» **Problem details**:
Some entries follow. Reproduce exactly the lines starting at the one with "Section GluedBracket." and stopping after the one with "Jmat (glued_br br1".

» **Data listing**:
[Start of section]

(* For $j=1,2$, let $G_j$ be a 2-step stratified Lie group with Lie algebra $\mathfrak{g}_j=\mathfrak{v}_j\oplus\mathfrak{z}_j$ and let $L_j$ be a sublaplacian on $G_j$ such that $(G_j,L_j)$ satisfies Assumption (A). Suppose $\dim\mathfrak{z}_1=\dim\mathfrak{z}_2$, and let $\phi:\mathfrak{z}_1\to\mathfrak{z}_2$ be a linear isomorphism. Let $G$ be the quotient of $G_1\times G_2$ obtained by identifying the centers via $\phi$, i.e. the connected simply connected group with Lie algebra $\mathfrak{v}_1\times\mathfrak{v}_2\times\mathfrak{z}_2$ and bracket $[(v_1,v_2,z),(v_1',v_2',z')]=(0,0,\phi([v_1,v_1'])+[v_2,v_2'])$, and let $L=L_1^\sharp+L_2^\sharp$, where $L_j^\sharp$ is the pushforward of $L_j$ to $G$. Then $(G,L)$ satisfies Assumption (A).
   Context: For a 2-step group with Lie algebra $\mathfrak{g}=\mathfrak{v}\oplus\mathfrak{z}$ ($\mathfrak{z}$ the center, $\mathfrak{v}$ a complement), a sublaplacian $L=-\sum_jX_j^2$ ($\{X_j\}$ a basis of $\mathfrak{v}$) determines the inner product $\langle\cdot,\cdot\rangle$ on $\mathfrak{v}$ for which $\{X_j\}$ is orthonormal. For $\eta\in\mathfrak{z}^*$, $J_\eta$ is the endomorphism of $\mathfrak{v}$ with $\eta([x,x'])=\langle J_\eta x,x'\rangle$. Assumption (A): there exist integers $r_1,\dots,r_k>0$ and an orthogonal decomposition $\mathfrak{v}=\mathfrak{v}_1\oplus\dots\oplus\mathfrak{v}_k$ with orthogonal projections $P_j$ such that for all $\eta\in\mathfrak{z}^*\setminus\{0\}$ and all $j$, $J_\eta P_j=P_jJ_\eta$ and $J_\eta^2P_j$ has rank $2r_j$ and a unique nonzero eigenvalue. The pushforward $L_j^\sharp$ is the left-invariant operator $-\sum_l (X_{l}^{(j)})^2$ on $G$ obtained by regarding an orthonormal basis $\{X^{(j)}_l\}$ of $\mathfrak{v}_j$ as elements of $\mathfrak{v}_1\times\mathfrak{v}_2\times\mathfrak{z}_2$. *)

(* Two-step Lie algebras g = v (+) z are encoded in
   coordinates: v = 'rV[R]_n with the orthonormal basis {X_j} of the
   sublaplacian mapped to the standard basis (so the sublaplacian inner
   product is the standard dot product), z = 'rV[R]_m, and the Lie bracket
   v x v -> z is a function br.  Linear maps act on row vectors on the right:
   the endomorphism T is encoded by the matrix M with T x = x *m M, hence the
   composition T1 o T2 is encoded by M2 *m M1. *)
From HB Require Import structures.
From mathcomp Require Import all_boot all_order all_algebra.
From mathcomp Require Import reals.
Set Implicit Arguments.
Unset Strict Implicit.
Unset Printing Implicit Defensive.
Import Order.TTheory GRing.Theory Num.Theory.
Local Open Scope ring_scope.

Section Defs.
Variable R : realType.

Definition dotv (n : nat) (u w : 'rV[R]_n) : R := (u *m w^T) 0 0.

Definition ebas (n : nat) (i : 'I_n) : 'rV[R]_n := delta_mx 0 i.

(* br is the bracket of a 2-step stratified Lie algebra v (+) z
   (v = R^n, z = R^m) whose center is exactly z:
   bilinear, alternating, [v,v] spans z, z <> 0, and no nonzero element of v
   is central. *)
Definition two_step_strat (n m : nat) (br : 'rV[R]_n -> 'rV[R]_n -> 'rV[R]_m)
  : Prop :=
  (forall (a : R) x y w, br (a *: x + y) w = a *: br x w + br y w) /\
  (forall (a : R) x y w, br w (a *: x + y) = a *: br w x + br w y) /\
  (forall x, br x x = 0) /\
  (forall z : 'rV[R]_m, exists c : 'I_n -> 'I_n -> R,
      z = \sum_(i < n) \sum_(j < n) c i j *: br (ebas i) (ebas j)) /\
  (0 < m)%N /\
  (forall x, (forall y, br x y = 0) -> x = 0).

(* J_eta, for eta in z^* (identified with 'rV_m via the dual basis,
   eta(z) = dotv z eta): the endomorphism of v with
   eta([x,x']) = < J_eta x, x' >, i.e. x *m Jmat br eta = J_eta x. *)
Definition Jmat (n m : nat) (br : 'rV[R]_n -> 'rV[R]_n -> 'rV[R]_m)
  (eta : 'rV[R]_m) : 'M[R]_n :=
  \matrix_(i < n, j < n) dotv (br (ebas i) (ebas j)) eta.

(* Assumption (A).  The orthogonal decomposition v = v_1 (+) ... (+) v_k is
   given through its orthogonal projections P_j (symmetric idempotents,
   pairwise orthogonal, summing to the identity). *)
Definition assumptionA (n m : nat) (br : 'rV[R]_n -> 'rV[R]_n -> 'rV[R]_m)
  : Prop :=
  exists (k : nat) (r : 'I_k -> nat) (P : 'I_k -> 'M[R]_n),
    (forall j, 0 < r j)%N /\
    (forall j, (P j)^T = P j) /\
    (forall j, P j *m P j = P j) /\
    (forall i j, i != j -> P i *m P j = 0) /\
    \sum_(j < k) P j = 1%:M /\
    forall eta : 'rV[R]_m, eta != 0 -> forall j : 'I_k,
          let J := Jmat br eta in
          let A := P j *m (J *m J) in   (* encodes J_eta^2 P_j *)
          [/\ P j *m J = J *m P j,
              \rank A = (2 * r j)%N &
              exists lam : R, [/\ lam != 0, eigenvalue A lam &
                  forall mu : R, mu != 0 -> eigenvalue A mu -> mu = lam]].

(* Bracket of the quotient of G1 x G2 identifying the centers via phi:
   on v1 x v2 = 'rV_(n1 + n2),
   [(v1,v2),(v1',v2')] = phi([v1,v1']) + [v2,v2'], phi z = z *m Phi. *)
Definition glued_br (n1 n2 m : nat)
  (br1 : 'rV[R]_n1 -> 'rV[R]_n1 -> 'rV[R]_m)
  (br2 : 'rV[R]_n2 -> 'rV[R]_n2 -> 'rV[R]_m) (Phi : 'M[R]_m)
  (x y : 'rV[R]_(n1 + n2)) : 'rV[R]_m :=
  br1 (lsubmx x) (lsubmx y) *m Phi + br2 (rsubmx x) (rsubmx y).

End Defs.

From mathcomp Require Import all_boot all_order all_algebra.
From mathcomp Require Import reals.
Set Implicit Arguments.
Unset Strict Implicit.
Unset Printing Implicit Defensive.
Import GRing.Theory.
Local Open Scope ring_scope.

(* In the coordinates v = v1 x v2 the glued bracket makes J_eta block
   diagonal, with blocks J_(eta o phi) for G1 and J_eta for G2; since phi is
   invertible, eta <> 0 forces eta o phi <> 0.  Hence the projections of G1
   and of G2, extended by zero to v1 x v2, form a decomposition for which
   every J_eta^2 P_j is a block J^2 P with a zero block beside it: same rank,
   same nonzero spectrum. *)

Section BlockDiagonal.
Variable F : fieldType.

Lemma mul_block_diag n1 n2 (A C : 'M[F]_n1) (B D : 'M[F]_n2) :
  block_mx A 0 0 B *m block_mx C 0 0 D = block_mx (A *m C) 0 0 (B *m D).
Proof. by rewrite mulmx_block !mulmx0 !mul0mx !addr0 add0r. Qed.

Lemma summx_block_diag k n1 n2 (A : 'I_k -> 'M[F]_n1) (B : 'I_k -> 'M[F]_n2) :
  \sum_(i < k) block_mx (A i) 0 0 (B i) =
  block_mx (\sum_(i < k) A i) 0 0 (\sum_(i < k) B i).
Proof.
elim: k A B => [|k IHk] A B; first by rewrite !big_ord0 block_mx0.
by rewrite !big_ord_recr /= IHk add_block_mx !addr0.
Qed.

Lemma eigenvalue_block_diag n1 n2 (A : 'M[F]_n1) (B : 'M[F]_n2) mu :
  eigenvalue (block_mx A 0 0 B) mu = eigenvalue A mu || eigenvalue B mu.
Proof.
apply/eigenvalueP/orP.
- case=> v; rewrite -[v]hsubmxK mul_row_block !mulmx0 addr0 add0r scale_row_mx.
  move=> /eq_row_mx [vA vB] v_nz.
  have [vl0|vl_nz] := eqVneq (lsubmx v) 0; last first.
    by left; apply/eigenvalueP; exists (lsubmx v).
  right; apply/eigenvalueP; exists (rsubmx v) => //.
  by apply: contraNneq v_nz => vr0; rewrite vl0 vr0 row_mx0.
- case=> /eigenvalueP [v vA v_nz].
  + exists (row_mx v 0); last by rewrite row_mx_eq0 negb_and v_nz.
    by rewrite mul_row_block !mulmx0 mul0mx !addr0 vA scale_row_mx scaler0.
  + exists (row_mx 0 v); last by rewrite row_mx_eq0 negb_and v_nz orbT.
    by rewrite mul_row_block !mul0mx !mulmx0 !addr0 add0r vA scale_row_mx scaler0.
Qed.

Lemma eigenvalue0 n mu : mu != 0 -> eigenvalue (0 : 'M[F]_n) mu = false.
Proof.
move=> mu_nz; apply/eigenvalueP => -[v]; rewrite mulmx0 => /esym/eqP.
by rewrite scaler_eq0 (negPf mu_nz) /= => ->.
Qed.

Definition single_nonzero_eigen (r : nat) n (P J : 'M[F]_n) : Prop :=
  let A := P *m (J *m J) in
  [/\ P *m J = J *m P, \rank A = (2 * r)%N &
      exists lam, [/\ lam != 0, eigenvalue A lam &
                      forall mu, mu != 0 -> eigenvalue A mu -> mu = lam]].

Lemma single_nonzero_eigen_ul r n1 n2 (P J : 'M[F]_n1) (J2 : 'M[F]_n2) :
  single_nonzero_eigen r P J ->
  single_nonzero_eigen r (block_mx P 0 0 0) (block_mx J 0 0 J2).
Proof.
rewrite /single_nonzero_eigen; cbv zeta => -[PJ rkA [lam [lam_nz eig_lam eig_uniq]]].
rewrite !mul_block_diag !mul0mx !mulmx0 PJ rank_diag_block_mx mxrank0 addn0.
split=> //; exists lam; split=> //; first by rewrite eigenvalue_block_diag eig_lam.
by move=> mu mu_nz; rewrite eigenvalue_block_diag eigenvalue0 // orbF; apply: eig_uniq.
Qed.

Lemma single_nonzero_eigen_dr r n1 n2 (J1 : 'M[F]_n1) (P J : 'M[F]_n2) :
  single_nonzero_eigen r P J ->
  single_nonzero_eigen r (block_mx 0 0 0 P) (block_mx J1 0 0 J).
Proof.
rewrite /single_nonzero_eigen; cbv zeta => -[PJ rkA [lam [lam_nz eig_lam eig_uniq]]].
rewrite !mul_block_diag !mul0mx !mulmx0 PJ rank_diag_block_mx mxrank0 add0n.
split=> //; exists lam; split=> //; first by rewrite eigenvalue_block_diag eig_lam orbT.
by move=> mu mu_nz; rewrite eigenvalue_block_diag eigenvalue0 //; apply: eig_uniq.
Qed.

Definition orthogonal_resolution k n (P : 'I_k -> 'M[F]_n) : Prop :=
  [/\ forall j, (P j)^T = P j, forall j, P j *m P j = P j,
      forall i j, i != j -> P i *m P j = 0 & \sum_(j < k) P j = 1%:M].

Definition join_fam (T : Type) k1 k2 (f1 : 'I_k1 -> T) (f2 : 'I_k2 -> T)
    (j : 'I_(k1 + k2)) : T :=
  match split j with inl a => f1 a | inr b => f2 b end.

Definition diag_resolution k1 k2 n1 n2 (P1 : 'I_k1 -> 'M[F]_n1)
    (P2 : 'I_k2 -> 'M[F]_n2) : 'I_(k1 + k2) -> 'M[F]_(n1 + n2) :=
  join_fam (fun a => block_mx (P1 a) 0 0 0) (fun b => block_mx 0 0 0 (P2 b)).

Lemma orthogonal_resolution_diag k1 k2 n1 n2 (P1 : 'I_k1 -> 'M[F]_n1)
    (P2 : 'I_k2 -> 'M[F]_n2) :
  orthogonal_resolution P1 -> orthogonal_resolution P2 ->
  orthogonal_resolution (diag_resolution P1 P2).
Proof.
rewrite /diag_resolution /join_fam.
case=> P1_sym P1_idem P1_orth P1_sum [P2_sym P2_idem P2_orth P2_sum]; split.
- by move=> j; case: split => a; rewrite tr_block_mx !trmx0 ?P1_sym ?P2_sym.
- by move=> j; case: split => a; rewrite mul_block_diag !mulmx0 ?P1_idem ?P2_idem.
- move=> i j; rewrite -[i]splitK -[j]splitK.
  case: (split i) => a; case: (split j) => b; rewrite !unsplitK /=;
    rewrite ?eq_lshift ?eq_rshift => ab; rewrite mul_block_diag !mulmx0 ?mul0mx;
    by rewrite ?P1_orth ?P2_orth ?block_mx0.
rewrite big_split_ord /=.
under eq_bigr do rewrite -[lshift _ _]/(unsplit (inl _)) unsplitK.
under [X in _ + X]eq_bigr do rewrite -[rshift _ _]/(unsplit (inr _)) unsplitK.
rewrite !summx_block_diag add_block_mx !big1_eq P1_sum P2_sum.
by rewrite addr0 !add0r -scalar_mx_block.
Qed.

End BlockDiagonal.

Section GluedBracket.
Variable R : realType.

Lemma ebas_lshift n1 n2 (i : 'I_n1) : ebas R (lshift n2 i) = row_mx (ebas R i) 0.
Proof.
apply/matrixP => a b; rewrite /ebas !mxE.
case: (split_ordP b) => b' ->; rewrite ?row_mxEl ?row_mxEr !mxE ?eq_lshift //.
by rewrite eq_rlshift andbF.
Qed.

Lemma ebas_rshift n1 n2 (i : 'I_n2) : ebas R (rshift n1 i) = row_mx 0 (ebas R i).
Proof.
apply/matrixP => a b; rewrite /ebas !mxE.
case: (split_ordP b) => b' ->; rewrite ?row_mxEl ?row_mxEr !mxE ?eq_rshift //.
by rewrite eq_lrshift andbF.
Qed.

Lemma dotv0 n (w : 'rV[R]_n) : dotv 0 w = 0.
Proof. by rewrite /dotv mul0mx mxE. Qed.

Lemma dotv_mulmx m (z eta : 'rV[R]_m) (Phi : 'M[R]_m) :
  dotv (z *m Phi) eta = dotv z (eta *m Phi^T).
Proof. by rewrite /dotv trmx_mul trmxK mulmxA. Qed.

Lemma two_step_strat_br0l n m (br : 'rV[R]_n -> 'rV[R]_n -> 'rV[R]_m) w :
  two_step_strat br -> br 0 w = 0.
Proof.
case=> linl _; have := linl 1 0 0 w; rewrite !scale1r addr0 => br0.
by apply: (addrI (br 0 w)); rewrite addr0 -br0.
Qed.

Lemma two_step_strat_br0r n m (br : 'rV[R]_n -> 'rV[R]_n -> 'rV[R]_m) w :
  two_step_strat br -> br w 0 = 0.
Proof.
case=> _ [linr _]; have := linr 1 0 0 w; rewrite !scale1r addr0 => br0.
by apply: (addrI (br w 0)); rewrite addr0 -br0.
Qed.

Lemma Jmat_glued n1 n2 m (br1 : 'rV[R]_n1 -> 'rV[R]_n1 -> 'rV[R]_m)
    (br2 : 'rV[R]_n2 -> 'rV[R]_n2 -> 'rV[R]_m) (Phi : 'M[R]_m) eta :
  two_step_strat br1 -> two_step_strat br2 ->
  Jmat (glued_br br1 br2 Phi) eta =
  block_mx (Jmat br1 (eta *m Phi^T)) 0 0 (Jmat br2 eta).
Proof.
move=> S1 S2; apply/matrixP => i j; rewrite /Jmat /glued_br.
case: (split_ordP i) => i' ->; case: (split_ordP j) => j' ->;
  rewrite ?block_mxEul ?block_mxEur ?block_mxEdl ?block_mxEdr [LHS]mxE [RHS]mxE
    ?ebas_lshift ?ebas_rshift ?row_mxKl ?row_mxKr
    ?(two_step_strat_br0l _ S1) ?(two_step_strat_br0r _ S1)
    ?(two_step_strat_br0l _ S2) ?(two_step_strat_br0r _ S2)
    ?mul0mx ?addr0 ?add0r ?dotv0 ?dotv_mulmx //.
Qed.

Lemma assumptionAE n m (br : 'rV[R]_n -> 'rV[R]_n -> 'rV[R]_m) :
  assumptionA br <->
  exists k (r : 'I_k -> nat) (P : 'I_k -> 'M[R]_n),
    [/\ forall j, (0 < r j)%N, orthogonal_resolution P &
        forall eta, eta != 0 -> forall j,
          single_nonzero_eigen (r j) (P j) (Jmat br eta)].
Proof.
split.
  by case=> k [r [P [r_gt0 [Psym [Pidem [Porth [Psum HJ]]]]]]]; exists k, r, P.
by case=> k [r [P [r_gt0 [Psym Pidem Porth Psum] HJ]]]; exists k, r, P.
Qed.

End GluedBracket.

Theorem proposition6p2 (R : realType) (n1 n2 m : nat)
  (br1 : 'rV[R]_n1 -> 'rV[R]_n1 -> 'rV[R]_m)
  (br2 : 'rV[R]_n2 -> 'rV[R]_n2 -> 'rV[R]_m) (Phi : 'M[R]_m) :
  two_step_strat br1 -> assumptionA br1 ->
  two_step_strat br2 -> assumptionA br2 ->
  Phi \in unitmx ->
  assumptionA (glued_br br1 br2 Phi).
Proof.
move=> S1 /assumptionAE [k1 [r1 [P1 [r1_gt0 res1 HJ1]]]].
move=> S2 /assumptionAE [k2 [r2 [P2 [r2_gt0 res2 HJ2]]]] Phi_unit.
apply/assumptionAE; exists (k1 + k2)%N, (join_fam r1 r2), (diag_resolution P1 P2).
split; first by move=> j; rewrite /join_fam; case: split.
  exact: orthogonal_resolution_diag.
move=> eta eta_nz j; rewrite Jmat_glued // /diag_resolution /join_fam.
case: split => a; last exact/single_nonzero_eigen_dr/HJ2.
apply/single_nonzero_eigen_ul/HJ1.
by rewrite mulmx_free_eq0 // row_free_unit unitmx_tr.
Qed.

[End of section]

» **Output for this task**:
Section GluedBracket.
Variable R : realType.

Lemma ebas_lshift n1 n2 (i : 'I_n1) : ebas R (lshift n2 i) = row_mx (ebas R i) 0.
Proof.
apply/matrixP => a b; rewrite /ebas !mxE.
case: (split_ordP b) => b' ->; rewrite ?row_mxEl ?row_mxEr !mxE ?eq_lshift //.
by rewrite eq_rlshift andbF.
Qed.

Lemma ebas_rshift n1 n2 (i : 'I_n2) : ebas R (rshift n1 i) = row_mx 0 (ebas R i).
Proof.
apply/matrixP => a b; rewrite /ebas !mxE.
case: (split_ordP b) => b' ->; rewrite ?row_mxEl ?row_mxEr !mxE ?eq_rshift //.
by rewrite eq_lrshift andbF.
Qed.

Lemma dotv0 n (w : 'rV[R]_n) : dotv 0 w = 0.
Proof. by rewrite /dotv mul0mx mxE. Qed.

Lemma dotv_mulmx m (z eta : 'rV[R]_m) (Phi : 'M[R]_m) :
  dotv (z *m Phi) eta = dotv z (eta *m Phi^T).
Proof. by rewrite /dotv trmx_mul trmxK mulmxA. Qed.

Lemma two_step_strat_br0l n m (br : 'rV[R]_n -> 'rV[R]_n -> 'rV[R]_m) w :
  two_step_strat br -> br 0 w = 0.
Proof.
case=> linl _; have := linl 1 0 0 w; rewrite !scale1r addr0 => br0.
by apply: (addrI (br 0 w)); rewrite addr0 -br0.
Qed.

Lemma two_step_strat_br0r n m (br : 'rV[R]_n -> 'rV[R]_n -> 'rV[R]_m) w :
  two_step_strat br -> br w 0 = 0.
Proof.
case=> _ [linr _]; have := linr 1 0 0 w; rewrite !scale1r addr0 => br0.
by apply: (addrI (br w 0)); rewrite addr0 -br0.
Qed.

Lemma Jmat_glued n1 n2 m (br1 : 'rV[R]_n1 -> 'rV[R]_n1 -> 'rV[R]_m)
    (br2 : 'rV[R]_n2 -> 'rV[R]_n2 -> 'rV[R]_m) (Phi : 'M[R]_m) eta :
  two_step_strat br1 -> two_step_strat br2 ->
  Jmat (glued_br br1 br2 Phi) eta =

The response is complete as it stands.